● Task to carry out: Look through the entries below and extract exactly the lines from the one containing "injective a -> (forall" through the one containing "Lemma embed_monochromatic (C", ends included.
Available data START
(* There exist $n,k\in\mathbb{N}$ with $k\le n$ such that for every 2-coloring of the edges of $B_{n,k}$, there exists an induced monochromatic copy of $B_{4,2}$ in $B_{n,k}$; that is, there is a set $V'$ of vertices of $B_{n,k}$ such that the induced subgraph of $B_{n,k}$ on $V'$ is isomorphic to $B_{4,2}$ and all of its edges receive the same color.
   Context: For $n\in\mathbb{N}$, $[n]=\{1,\dots,n\}$, and for a set $X$, $\binom{X}{k}$ denotes the set of $k$-element subsets of $X$. For $k\le n$, $B_{n,k}$ is the bipartite graph with left vertex set $[n]$, right vertex set $\binom{[n]}{k}$, and edge set $\{(x,X)\in[n]\times\binom{[n]}{k} : x\in X\}$. For a graph $H=(V,E)$ and $V'\subseteq V$, the induced subgraph on $V'$ has vertex set $V'$ and edge set consisting of all edges of $H$ with both endpoints in $V'$. A 2-coloring of the edges is a map from the edge set to a 2-element set of colors. *)

From mathcomp Require Import all_boot.
Set Implicit Arguments. Unset Strict Implicit. Unset Printing Implicit Defensive.

(* k-element subsets of [n] = 'I_n (elements 0..n-1 stand for 1..n) *)
Definition kset (n k : nat) := {X : {set 'I_n} | #|X| == k}.

(* Vertices of B_{n,k}: left part [n] (inl), right part binom([n],k) (inr). *)
Definition vert (n k : nat) := ('I_n + kset n k)%type.

Definition edge (n k : nat) := {p : 'I_n * kset n k | p.1 \in val p.2}.

Definition adj (n k : nat) (u v : vert n k) : bool :=
  match u, v with
  | inl x, inr X => x \in val X
  | inr X, inl x => x \in val X
  | _, _ => false
  end.

Definition induced_iso (m l n k : nat) (V' : {set vert n k})
  (f : vert m l -> vert n k) : Prop :=
  [/\ injective f, (forall v, f v \in V'),
      (forall w, w \in V' -> exists v, f v = w) &
      (forall u v, adj u v = adj (f u) (f v))].

Definition monochromatic (n k : nat) (C : Type) (c : edge n k -> C)
  (V' : {set vert n k}) : Prop :=
  exists col : C, forall e : edge n k,
    inl (val e).1 \in V' -> inr (val e).2 \in V' -> c e = col.

(* Take k = 3. The three edges at a right vertex {x, y, z} carry two colours,
   so two of them, say those at x and y, agree; call z a witness of that
   colour for the pair {x, y}. No 16 points have at most four witnesses on
   every pair, since double counting ordered triples would then give
   16 * 15 * 14 <= 3 * 16 * 16 * 4. Hence Ramsey's theorem yields a large set
   with at least five witnesses on every pair and, applied again, four points
   a_1, ..., a_4 and a colour b with at least three witnesses of colour b on
   every pair; one of them, z_ij, lies outside {a_1, ..., a_4}. The a_i and the
   triples {a_i, a_j, z_ij} span an induced copy of B_{4,2} all of whose edges
   have colour b. *)

From mathcomp Require Import all_boot.
From mathcomp Require Import zify.
Set Implicit Arguments. Unset Strict Implicit. Unset Printing Implicit Defensive.

Section Ramsey.

Variable T : finType.

Definition clique (r : rel T) (A : {set T}) := {in A &, forall x y, x != y -> r x y}.

Lemma clique0 (r : rel T) : clique r set0.
Proof. by move=> x y; rewrite in_set0. Qed.

Lemma clique_extend (r : rel T) (v : T) (S A : {set T}) :
    symmetric r -> v \in S -> A \subset S :\ v -> {in A, forall y, r v y} ->
    clique r A -> [/\ v |: A \subset S, #|v |: A| = #|A|.+1 & clique r (v |: A)].
Proof.
move=> rC vS sA rvA cA; have vNA : v \notin A by apply/negP => /(subsetP sA); rewrite !inE eqxx.
split; first by rewrite subUset sub1set vS (subset_trans sA (subD1set S v)).
  by rewrite cardsU1 vNA.
move=> x y; rewrite !in_setU1 => /predU1P[->|xA] /predU1P[->|yA] xy.
- by rewrite eqxx in xy.
- exact: rvA.
- by rewrite rC; apply: rvA.
- exact: cA xy.
Qed.

End Ramsey.

Lemma ramsey (a b : nat) : exists N, forall (T : finType) (r : rel T), symmetric r ->
  forall S : {set T}, N <= #|S| ->
    (exists A : {set T}, [/\ A \subset S, #|A| = a & clique r A]) \/
    (exists A : {set T}, [/\ A \subset S, #|A| = b & clique [rel x y | ~~ r x y] A]).
Proof.
elim: a b => [|a IHa] b.
  by exists 0 => T r _ S _; left; exists set0; rewrite sub0set cards0; split=> //; apply: clique0.
elim: b => [|b IHb].
  by exists 0 => T r _ S _; right; exists set0; rewrite sub0set cards0; split=> //; apply: clique0.
have [N1 ramsey1] := IHa b.+1; have [N2 ramsey2] := IHb.
exists (N1 + N2).+1 => T r rC S leNS.
have /card_gt0P[v vS] : 0 < #|S| by lia.
have nrC : symmetric [rel x y | ~~ r x y] by move=> x y /=; rewrite rC.
pose P := [set y | r v y].
have [leN1|leN2] : N1 <= #|(S :\ v) :&: P| \/ N2 <= #|(S :\ v) :\: P|.
  by have := cardsID P (S :\ v); have := cardsD1 v S; rewrite vS; lia.
- have sPS : (S :\ v) :&: P \subset S :\ v by apply: subsetIl.
  case: (ramsey1 T r rC _ leN1) => [[A [sA <- cA]]|[A [sA <- cA]]].
    left; exists (v |: A); apply: clique_extend => //; first exact: subset_trans sA sPS.
    by move=> y /(subsetP sA); rewrite !inE => /andP[_].
  by right; exists A; split=> //; apply: subset_trans sA (subset_trans sPS (subD1set S v)).
- have sPS : (S :\ v) :\: P \subset S :\ v by apply: subsetDl.
  case: (ramsey2 T r rC _ leN2) => [[A [sA <- cA]]|[A [sA <- cA]]].
    by left; exists A; split=> //; apply: subset_trans sA (subset_trans sPS (subD1set S v)).
  right; exists (v |: A); apply: clique_extend => //; first exact: subset_trans sA sPS.
  by move=> y /(subsetP sA); rewrite !inE => /andP[].
Qed.

Section TripleCount.

Variables (T : finType) (S : {set T}).

Lemma sum_nat_of_bool (p : pred T) : \sum_(z in S) (p z : nat) = #|[set z in S | p z]|.
Proof.
rewrite -sum1_card big_mkcond [RHS]big_mkcond /=; apply: eq_bigr => z _.
by rewrite !inE; case: (z \in S); case: (p z).
Qed.

Lemma sum_distinct_triples :
  \sum_(x in S) \sum_(y in S) \sum_(z in S) ([&& x != y, x != z & y != z] : nat) =
  #|S| * ((#|S| - 1) * (#|S| - 2)).
Proof.
rewrite -sum_nat_const; apply: eq_bigr => x xS.
have thirds y : y \in S ->
    \sum_(z in S) ([&& x != y, x != z & y != z] : nat) = (y != x) * (#|S| - 2).
  move=> yS; rewrite sum_nat_of_bool /=; have [<-|xy] := eqVneq x y.
    by apply/eqP; rewrite mul0n cards_eq0; apply/eqP/setP => z; rewrite !inE /= andbF.
  have -> : [set z in S | (x != z) && (y != z)] = S :\ x :\ y.
    by apply/setP => z; rewrite !inE ![_ == z]eq_sym andbC [_ && (z != y)]andbC andbA.
  have := cardsD1 y (S :\ x); have := cardsD1 x S; rewrite !inE eq_sym xy xS yS /=; lia.
rewrite (eq_bigr _ thirds) -big_distrl sum_nat_of_bool /=.
have -> : [set y in S | y != x] = S :\ x by apply/setP => y; rewrite !inE andbC.
by have := cardsD1 x S; rewrite xS; lia.
Qed.

(* Every ordered triple of distinct points is counted, up to the order of its
   points, by one of the three sums obtained from [m] by permuting variables;
   each of these sums is the same triple sum after exchanging summations. *)
Lemma covered_triples_bound (m : T -> T -> T -> bool) (d : nat) :
    (forall x y z, x \in S -> y \in S -> z \in S -> [&& x != y, x != z & y != z] ->
       [|| m x y z, m x z y | m y z x]) ->
    (forall x y, x \in S -> y \in S -> #|[set z in S | m x y z]| <= d) ->
  #|S| * ((#|S| - 1) * (#|S| - 2)) <= 3 * (#|S| * (#|S| * d)).
Proof.
move=> cover bound.
pose M := \sum_(x in S) \sum_(y in S) \sum_(z in S) (m x y z : nat).
have leMd : M <= #|S| * (#|S| * d).
  rewrite -sum_nat_const; apply: leq_sum => x xS; rewrite -sum_nat_const.
  by apply: leq_sum => y yS; rewrite sum_nat_of_bool bound.
have M_xzy : \sum_(x in S) \sum_(y in S) \sum_(z in S) (m x z y : nat) = M.
  by apply: eq_bigr => x _; apply: exchange_big.
have M_yzx : \sum_(x in S) \sum_(y in S) \sum_(z in S) (m y z x : nat) = M.
  by rewrite exchange_big; apply: eq_bigr => y _; apply: exchange_big.
rewrite -sum_distinct_triples.
apply: (@leq_trans (\sum_(x in S) \sum_(y in S) \sum_(z in S)
                     (m x y z + m x z y + m y z x))); last first.
  under eq_bigr => x _ do [under eq_bigr => y _ do rewrite !big_split; rewrite !big_split].
  by rewrite !big_split /= M_xzy M_yzx; lia.
apply: leq_sum => x xS; apply: leq_sum => y yS; apply: leq_sum => z zS.
case: (boolP [&& _, _ & _]) => // /(cover x y z xS yS zS).
by case: (m x y z); case: (m x z y); case: (m y z x).
Qed.

End TripleCount.

(* [false] when (x, X) is not an edge of B_{n,k}. *)
Definition edge_color n k (c : edge n k -> bool) (X : {set 'I_n}) (x : 'I_n) : bool :=
  match (insub X : option (kset n k)) with
  | Some K => if (insub (x, K) : option (edge n k)) is Some e then c e else false
  | None => false
  end.

Lemma edge_colorE n k (c : edge n k -> bool) (e : edge n k) :
  edge_color c (val (val e).2) (val e).1 = c e.
Proof.
case: e => [[x K] xK]; rewrite /edge_color valK.
by rewrite (valK (exist _ (x, K) xK : edge n k)).
Qed.

Section Witnesses.

Variables (n : nat) (c : edge n 3 -> bool).

Definition witnesses (b : bool) (x y : 'I_n) : {set 'I_n} :=
  [set z | [&& x != y, x != z, y != z,
             edge_color c [set x; y; z] x == b & edge_color c [set x; y; z] y == b]].

Definition all_witnesses (x y : 'I_n) := witnesses true x y :|: witnesses false x y.

Definition rich (x y : 'I_n) := 5 <= #|all_witnesses x y|.

Lemma witnessesC b x y : witnesses b x y = witnesses b y x.
Proof.
apply/setP => z; rewrite !inE (setUC [set y]) eq_sym.
by do 2!case: (_ != z); case: (_ == b); case: (_ == b).
Qed.

Lemma witnesses_diag b x : witnesses b x x = set0.
Proof. by apply/setP => z; rewrite !inE eqxx. Qed.

Lemma richC : symmetric rich.
Proof. by move=> x y; rewrite /rich /all_witnesses !(witnessesC _ x). Qed.

Lemma witnesses_cover x y z : [&& x != y, x != z & y != z] ->
  [|| z \in all_witnesses x y, y \in all_witnesses x z | x \in all_witnesses y z].
Proof.
case/and3P=> xy xz yz; rewrite !inE.
have -> : [set x; z; y] = [set x; y; z] by rewrite setUAC.
have -> : [set y; z; x] = [set x; y; z] by rewrite setUC setUA.
rewrite xy xz yz ![_ == x]eq_sym ![z == y]eq_sym xy xz yz /=.
by case: (edge_color c _ x); case: (edge_color c _ y); case: (edge_color c _ z).
Qed.

Lemma poor_set_small (A : {set 'I_n}) : clique [rel x y | ~~ rich x y] A -> #|A| <= 15.
Proof.
move=> poorA; rewrite leqNgt; apply/negP => A16.
have poor_pairs x y : x \in A -> y \in A -> #|[set z in A | z \in all_witnesses x y]| <= 4.
  move=> xA yA; apply: leq_trans (subset_leq_card (subsetIr _ _)) _.
  case: (eqVneq x y) => [<-|xy]; first by rewrite /all_witnesses !witnesses_diag setU0 cards0.
  by have := poorA x y xA yA xy; rewrite /= /rich -leqNgt.
have := covered_triples_bound (fun x y z _ _ _ => @witnesses_cover x y z) poor_pairs.
move: A16; set s := #|A|; nia.
Qed.

Lemma rich_witnesses x y :
  rich x y -> ~~ (3 <= #|witnesses true x y|) -> 3 <= #|witnesses false x y|.
Proof.
rewrite /rich /all_witnesses -ltnNge.
by have [+ _] := leq_card_setU (witnesses true x y) (witnesses false x y); lia.
Qed.

Lemma witness_outside b x y (A : {set 'I_n}) : x \in A -> y \in A -> x != y ->
  #|A| <= #|witnesses b x y| + 1 -> exists2 z, z \notin A & z \in witnesses b x y.
Proof.
move=> xA yA xy; case: (boolP (witnesses b x y \subset A)) => [sWA|/subsetPn[z]]; last by exists z.
have /subset_leq_card : witnesses b x y \subset A :\ x :\ y.
  apply/subsetP => z zW; rewrite !inE (subsetP sWA _ zW) andbT.
  by move: zW; rewrite inE => /and5P[_ xz yz _ _]; rewrite ![z == _]eq_sym xz yz.
by have := cardsD1 x A; have := cardsD1 y (A :\ x); rewrite !inE xA yA eq_sym xy; lia.
Qed.

End Witnesses.

Section InducedCopy.

Variables (m l n k : nat) (a : 'I_m -> 'I_n) (g : kset m l -> kset n k).

Definition embed (v : vert m l) : vert n k :=
  match v with inl i => inl (a i) | inr Y => inr (g Y) end.

Lemma embed_induced_iso :
  injective a -> (forall Y, a @^-1: val (g Y) = val Y) -> induced_iso (embed @: setT) embed.
Proof.
move=> a_inj g_trace; split.
- case=> [i|Y] [j|Z] //= [].
    by move/a_inj->.
  by move=> gYZ; congr inr; apply: val_inj; rewrite -g_trace gYZ g_trace.
- by move=> v; apply: imset_f; rewrite inE.
- by move=> w /imsetP[v _ ->]; exists v.
- by case=> [i|Y] [j|Z] //=; rewrite -g_trace inE.
Qed.

Lemma embed_monochromatic (C : Type) (c : edge n k -> C) (col : C) :
    (forall (e : edge n k) i Y, val e = (a i, g Y) -> c e = col) ->
  monochromatic c (embed @: setT).
Proof.
move=> c_col; exists col => -[[x X] xX] /=.
case/imsetP=> [[i|Y] _ //= [ex]]; case/imsetP=> [[j|Z] _ //= [eX]].
by apply: (c_col _ i Z) => /=; rewrite ex eX.
Qed.

End InducedCopy.

Section MonochromaticCopy.

Variables (n : nat) (c : edge n 3 -> bool) (b : bool).

Lemma colored_lift m (a : 'I_m -> 'I_n) : injective a ->
    (forall i j, i != j -> exists2 z, z \notin codom a & z \in witnesses c b (a i) (a j)) ->
  forall Y : kset m 2, exists X : kset n 3,
    (a @^-1: val X == val Y) && [forall i in val Y, edge_color c (val X) (a i) == b].
Proof.
move=> a_inj wit [Y Y2] /=; have /cards2P[i [j [ij ->]]] := Y2.
have [z zNa] := wit i j ij; rewrite inE => /and5P[aij aiz ajz ci cj].
have azN h : (a h == z) = false by apply/negbTE; apply: contra zNa => /eqP<-; apply: codom_f.
have X3 : #|[set a i; a j; z]| == 3.
  by rewrite setUC cardsU1 cards2 !inE aij ![z == _]eq_sym (negbTE aiz) (negbTE ajz).
exists (exist (fun X : {set 'I_n} => #|X| == 3) _ X3); apply/andP; split.
  by apply/eqP/setP => h; rewrite !inE !(inj_eq a_inj) azN orbF.
by apply/forall_inP => h; rewrite !inE => /orP[]/eqP->.
Qed.

Lemma mono_copy_of_witnessed_set m (A : {set 'I_n}) : #|A| = m ->
    {in A &, forall x y, x != y -> m <= #|witnesses c b x y| + 1} ->
  exists (V' : {set vert n 3}) (f : vert m 2 -> vert n 3),
    induced_iso V' f /\ monochromatic c V'.
Proof.
move=> Am wA.
pose a (i : 'I_m) := enum_val (cast_ord (esym Am) i).
have aA i : a i \in A by apply: enum_valP.
have a_inj : injective a by move=> i j /enum_val_inj/cast_ord_inj.
have wit i j : i != j -> exists2 z, z \notin codom a & z \in witnesses c b (a i) (a j).
  move=> ij; have aij : a i != a j by rewrite (inj_eq a_inj).
  have [|z zNA zW] := witness_outside (c := c) (b := b) (aA i) (aA j) aij.
    by rewrite Am wA.
  by exists z => //; apply: contra zNA => /codomP[h ->].
pose g Y := xchoose (colored_lift a_inj wit Y).
have g_trace Y : a @^-1: val (g Y) = val Y.
  by have /andP[/eqP] := xchooseP (colored_lift a_inj wit Y).
have g_col (Y : kset m 2) i : i \in val Y -> edge_color c (val (g Y)) (a i) = b.
  by have /andP[_ /forall_inP col] := xchooseP (colored_lift a_inj wit Y); move/col/eqP.
exists (embed a g @: setT), (embed a g); split; first exact: embed_induced_iso.
apply: embed_monochromatic => e i Y eE; rewrite -(edge_colorE c e) eE /=.
apply: g_col; rewrite -g_trace inE; case: e eE => -[x X] /= xX [<- <-]; exact: xX.
Qed.

End MonochromaticCopy.

Theorem mainTheorem3 :
  exists n k : nat, k <= n /\
    forall c : edge n k -> bool,
      exists (V' : {set vert n k}) (f : vert 4 2 -> vert n k),
        induced_iso V' f /\ monochromatic c V'.
Proof.
have [N2 ramsey2] := ramsey 4 4.
have [N1 ramsey1] := ramsey 16 N2.
exists (N1 + 3), 3; split=> [|c]; first exact: leq_addl.
have leN1 : N1 <= #|[set: 'I_(N1 + 3)]| by rewrite cardsT card_ord leq_addr.
have poorC : symmetric [rel x y | ~~ rich c x y] by move=> x y /=; rewrite richC.
have [[A [_ A16 /poor_set_small]]|[B [_ BN2 richB]]] := ramsey1 _ _ poorC _ leN1.
  by rewrite A16.
have trueC : symmetric [rel x y | 3 <= #|witnesses c true x y|].
  by move=> x y /=; rewrite witnessesC.
have [[A [_ A4 trueA]]|[A [sAB A4 falseA]]] := ramsey2 _ _ trueC B (eq_leq (esym BN2)).
  apply: (mono_copy_of_witnessed_set (b := true) A4) => x y xA yA xy.
  by rewrite addn1; apply: trueA.
apply: (mono_copy_of_witnessed_set (b := false) A4) => x y xA yA xy.
have /= := richB x y (subsetP sAB x xA) (subsetP sAB y yA) xy; rewrite negbK => rich_xy.
by rewrite addn1; apply: rich_witnesses rich_xy (falseA x y xA yA xy).
Qed.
Available data END
● Exercise output:
  injective a -> (forall Y, a @^-1: val (g Y) = val Y) -> induced_iso (embed @: setT) embed.
Proof.
move=> a_inj g_trace; split.
- case=> [i|Y] [j|Z] //= [].
    by move/a_inj->.
  by move=> gYZ; congr inr; apply: val_inj; rewrite -g_trace gYZ g_trace.
- by move=> v; apply: imset_f; rewrite inE.
- by move=> w /imsetP[v _ ->]; exists v.
- by case=> [i|Y] [j|Z] //=; rewrite -g_trace inE.
Qed.

Lemma embed_monochromatic (C : Type) (c : edge n k -> C) (col : C) :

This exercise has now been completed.